University of Rochester, Rochester, New York, USA.
University of Rochester Medical Center, Rochester, New York, USA.
J Endourol. 2024 Aug;38(8):748-754. doi: 10.1089/end.2023.0740. Epub 2024 May 31.
Chemical composition analysis is important in prevention counseling for kidney stone disease. Advances in laser technology have made dusting techniques more prevalent, but this offers no consistent way to collect enough material to send for chemical analysis, leading many to forgo this test. We developed a novel machine learning (ML) model to effectively assess stone composition based on intraoperative endoscopic video data. Two endourologists performed ureteroscopy for kidney stones ≥ 10 mm. Representative videos were recorded intraoperatively. Individual frames were extracted from the videos, and the stone was outlined by human tracing. An ML model, UroSAM, was built and trained to automatically identify kidney stones in the images and predict the majority stone composition as follows: calcium oxalate monohydrate (COM), dihydrate (COD), calcium phosphate (CAP), or uric acid (UA). UroSAM was built on top of the publicly available Segment Anything Model (SAM) and incorporated a U-Net convolutional neural network (CNN). A total of 78 ureteroscopy videos were collected; 50 were used for the model after exclusions (32 COM, 8 COD, 8 CAP, 2 UA). The ML model segmented the images with 94.77% precision. Dice coefficient (0.9135) and Intersection over Union (0.8496) confirmed good segmentation performance of the ML model. A video-wise evaluation demonstrated 60% correct classification of stone composition. Subgroup analysis showed correct classification in 84.4% of COM videos. A adaptive threshold technique was used to mitigate biasing of the model toward COM because of data imbalance; this improved the overall correct classification to 62% while improving the classification of COD, CAP, and UA videos. This study demonstrates the effective development of UroSAM, an ML model that precisely identifies kidney stones from natural endoscopic video data. More high-quality video data will improve the performance of the model in classifying the majority stone composition.
化学成分分析在肾结石疾病的预防咨询中很重要。激光技术的进步使得灰尘技术更为流行,但这种方法无法收集足够的材料进行化学分析,导致许多人放弃了这项测试。我们开发了一种新的机器学习(ML)模型,可以根据术中内窥镜视频数据有效地评估结石成分。两位泌尿科医生对≥10mm 的肾结石进行输尿管镜检查。术中记录有代表性的视频。
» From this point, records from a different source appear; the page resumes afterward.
(* The following hold: (1) If $C$ is a one-sided error PACA with time complexity $T$, then there is a two-sided error PACA $C'$ with time complexity $O(T)$ such that $L(C')=L(C)$. (2) There is a language $L$ that is accepted by some constant-time two-sided error PACA but is not accepted by any one-sided error PACA with time complexity $T(n)=o(\sqrt{n})$.
   Context: A (bounded, one-dimensional) cellular automaton (CA) has a finite state set $Q$, a boundary symbol $\$\notin Q$, and a local transition function $\delta\colon Q_\$\times Q\times Q_\$\to Q$ where $Q_\$=Q\cup\{\$\}$. On a configuration $s=s_0\cdots s_{n-1}\in Q^n$ the global map is $\Delta(s)=\delta(\$,s_0,s_1)\,\delta(s_0,s_1,s_2)\cdots\delta(s_{n-2},s_{n-1},\$)$; cell $i$ is position $i\in\{0,\dots,n-1\}$. A PACA (probabilistic ACA) $C$ has a finite state set $Q$, an input alphabet $\Sigma\subseteq Q$, a set $A\subseteq Q$ of accepting states and two local transition functions $\delta_0,\delta_1$; at every step every cell independently tosses a fair coin $c\in\{0,1\}$ and updates its state by $\delta_c$ (applied to its left neighbor, itself, its right neighbor, with $\$$ beyond the borders). On input $x\in\Sigma^n$ the initial configuration is $x$; a computation is accepting if at some step all $n$ cells are simultaneously in $A$. $C$ has time complexity $T\colon\mathbb N_+\to\mathbb N_0$ if for every input $x$ of length $n$ every accepting computation reaches $A^n$ for the first time at a step $<T(n)$; then the coin tosses may be viewed as a matrix $R\in\{0,1\}^{T(n)\times n}$ ($R_j(i)$ = coin of cell $i$ in step $j$), and $C(x,R)\in\{0,1\}$ indicates acceptance; probabilities are over uniformly random $R$. For $p\in[0,1)$, $C$ is a one-sided $p$-error PACA for $L$ if for all $x$: $x\in L\iff\Pr[C(x,R)=1]\ge 1-p$ and $x\notin L\iff \Pr[C(x,R)=1]=0$; a one-sided error PACA means $p=1/2$. For $p<1/2$, $C$ is a two-sided $p$-error PACA for $L$ if $x\in L\iff\Pr[C(x,R)=1]\ge1-p$ and $x\notin L\iff\Pr[C(x,R)=1]\le p$; a two-sided error PACA means $p=1/3$. In both cases $L(C)=L$. Languages are subsets of $\Sigma^+$ (the empty word is never considered). A PACA is constant-time if its time complexity is bounded by a constant. *)

From HB Require Import structures.
From mathcomp Require Import all_boot all_order all_algebra.
Set Implicit Arguments. Unset Strict Implicit. Unset Printing Implicit Defensive.
Import Order.TTheory GRing.Theory Num.Theory.

(* The input alphabet is a subset of the
   state set; we model Sigma ⊆ Q by an injective embedding [inp].
   The boundary symbol $ is [None] (neighbours have type [option st]). *)
Record PACA (Sigma : finType) := MkPACA {
  st : finType;
  inp : Sigma -> st;
  inp_inj : injective inp;
  acc : {set st};
  delta0 : option st -> st -> option st -> st;
  delta1 : option st -> st -> option st -> st
}.

Section PACADefs.
Variables (Sigma : finType) (C : PACA Sigma).

Definition gstep (coin : nat -> bool) (s : seq (st C)) : seq (st C) :=
  map (fun p : nat * st C =>
         let (i, q) := p in
         let l := if i is k.+1 then nth None (map Some s) k else None in
         let r := nth None (map Some s) i.+1 in
         (if coin i then @delta1 _ C else @delta0 _ C) l q r)
      (zip (iota 0 (size s)) s).

Fixpoint run (r : nat -> nat -> bool) (s : seq (st C)) (j : nat) : seq (st C) :=
  if j is j'.+1 then gstep (r j') (run r s j') else s.

Definition all_acc (s : seq (st C)) : bool := all (fun q => q \in @acc _ C) s.

Definition init (x : seq Sigma) : seq (st C) := map (@inp _ C) x.

Definition has_time (T : nat -> nat) : Prop :=
  forall x : seq Sigma, 0 < size x ->
  forall (r : nat -> nat -> bool) (j : nat),
    all_acc (run r (init x) j) ->
    exists2 j', j' < T (size x) & all_acc (run r (init x) j').

Definition coins (t n : nat) (R : {ffun 'I_t * 'I_n -> bool}) : nat -> nat -> bool :=
  fun j i => match insub j, insub i with
             | Some j', Some i' => R (j', i')
             | _, _ => false
             end.

Definition accepts (T : nat -> nat) (x : seq Sigma)
    (R : {ffun 'I_(T (size x)) * 'I_(size x) -> bool}) : bool :=
  [exists j : 'I_(T (size x)), all_acc (run (coins R) (init x) j)].

Definition acc_prob (T : nat -> nat) (x : seq Sigma) : rat :=
  (#|[set R : {ffun 'I_(T (size x)) * 'I_(size x) -> bool} | accepts R]|%:R
    / (2 ^ (T (size x) * size x))%:R)%R.

(* Languages are subsets of Sigma^+; only nonempty words are constrained. *)
Definition one_sided_p (T : nat -> nat) (p : rat) (L : seq Sigma -> Prop) : Prop :=
  has_time T /\
  forall x : seq Sigma, 0 < size x ->
    (L x <-> (1 - p <= acc_prob T x)%R) /\ (~ L x <-> acc_prob T x = 0%R).

Definition two_sided_p (T : nat -> nat) (p : rat) (L : seq Sigma -> Prop) : Prop :=
  has_time T /\
  forall x : seq Sigma, 0 < size x ->
    (L x <-> (1 - p <= acc_prob T x)%R) /\ (~ L x <-> (acc_prob T x <= p)%R).

Definition one_sided (T : nat -> nat) (L : seq Sigma -> Prop) : Prop :=
  one_sided_p T (1 / 2)%R L.

Definition two_sided (T : nat -> nat) (L : seq Sigma -> Prop) : Prop :=
  two_sided_p T (1 / 3)%R L.

End PACADefs.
从视频中提取单个帧,并通过人工追踪勾勒出结石。建立并训练一个名为 UroSAM 的 ML 模型,以自动识别图像中的肾结石并预测主要结石成分如下:一水合草酸钙(COM)、二水合草酸钙(COD)、磷酸钙(CAP)或尿酸(UA)。UroSAM 建立在公共的 Segment Anything Model(SAM)之上,并包含一个 U-Net 卷积神经网络(CNN)。共收集了 78 个输尿管镜检查视频;排除后有 50 个视频用于模型(32 个 COM、8 个 COD、8 个 CAP、2 个 UA)。该 ML 模型对图像的分割精度为 94.77%。Dice 系数(0.9135)和交并比(0.8496)证实了 ML 模型的良好分割性能。视频级评估表明,结石成分的分类准确率为 60%。亚组分析表明,COM 视频的分类准确率为 84.4%。使用自适应阈值技术减轻了模型对 COM 的偏向,因为数据不平衡;这将整体正确分类提高到 62%,同时提高了 COD、CAP 和 UA 视频的分类。这项研究展示了 UroSAM 的有效开发,这是一种从自然内窥镜视频数据中精确识别肾结石的 ML 模型。更多高质量的视频数据将提高模型对主要结石成分的分类性能。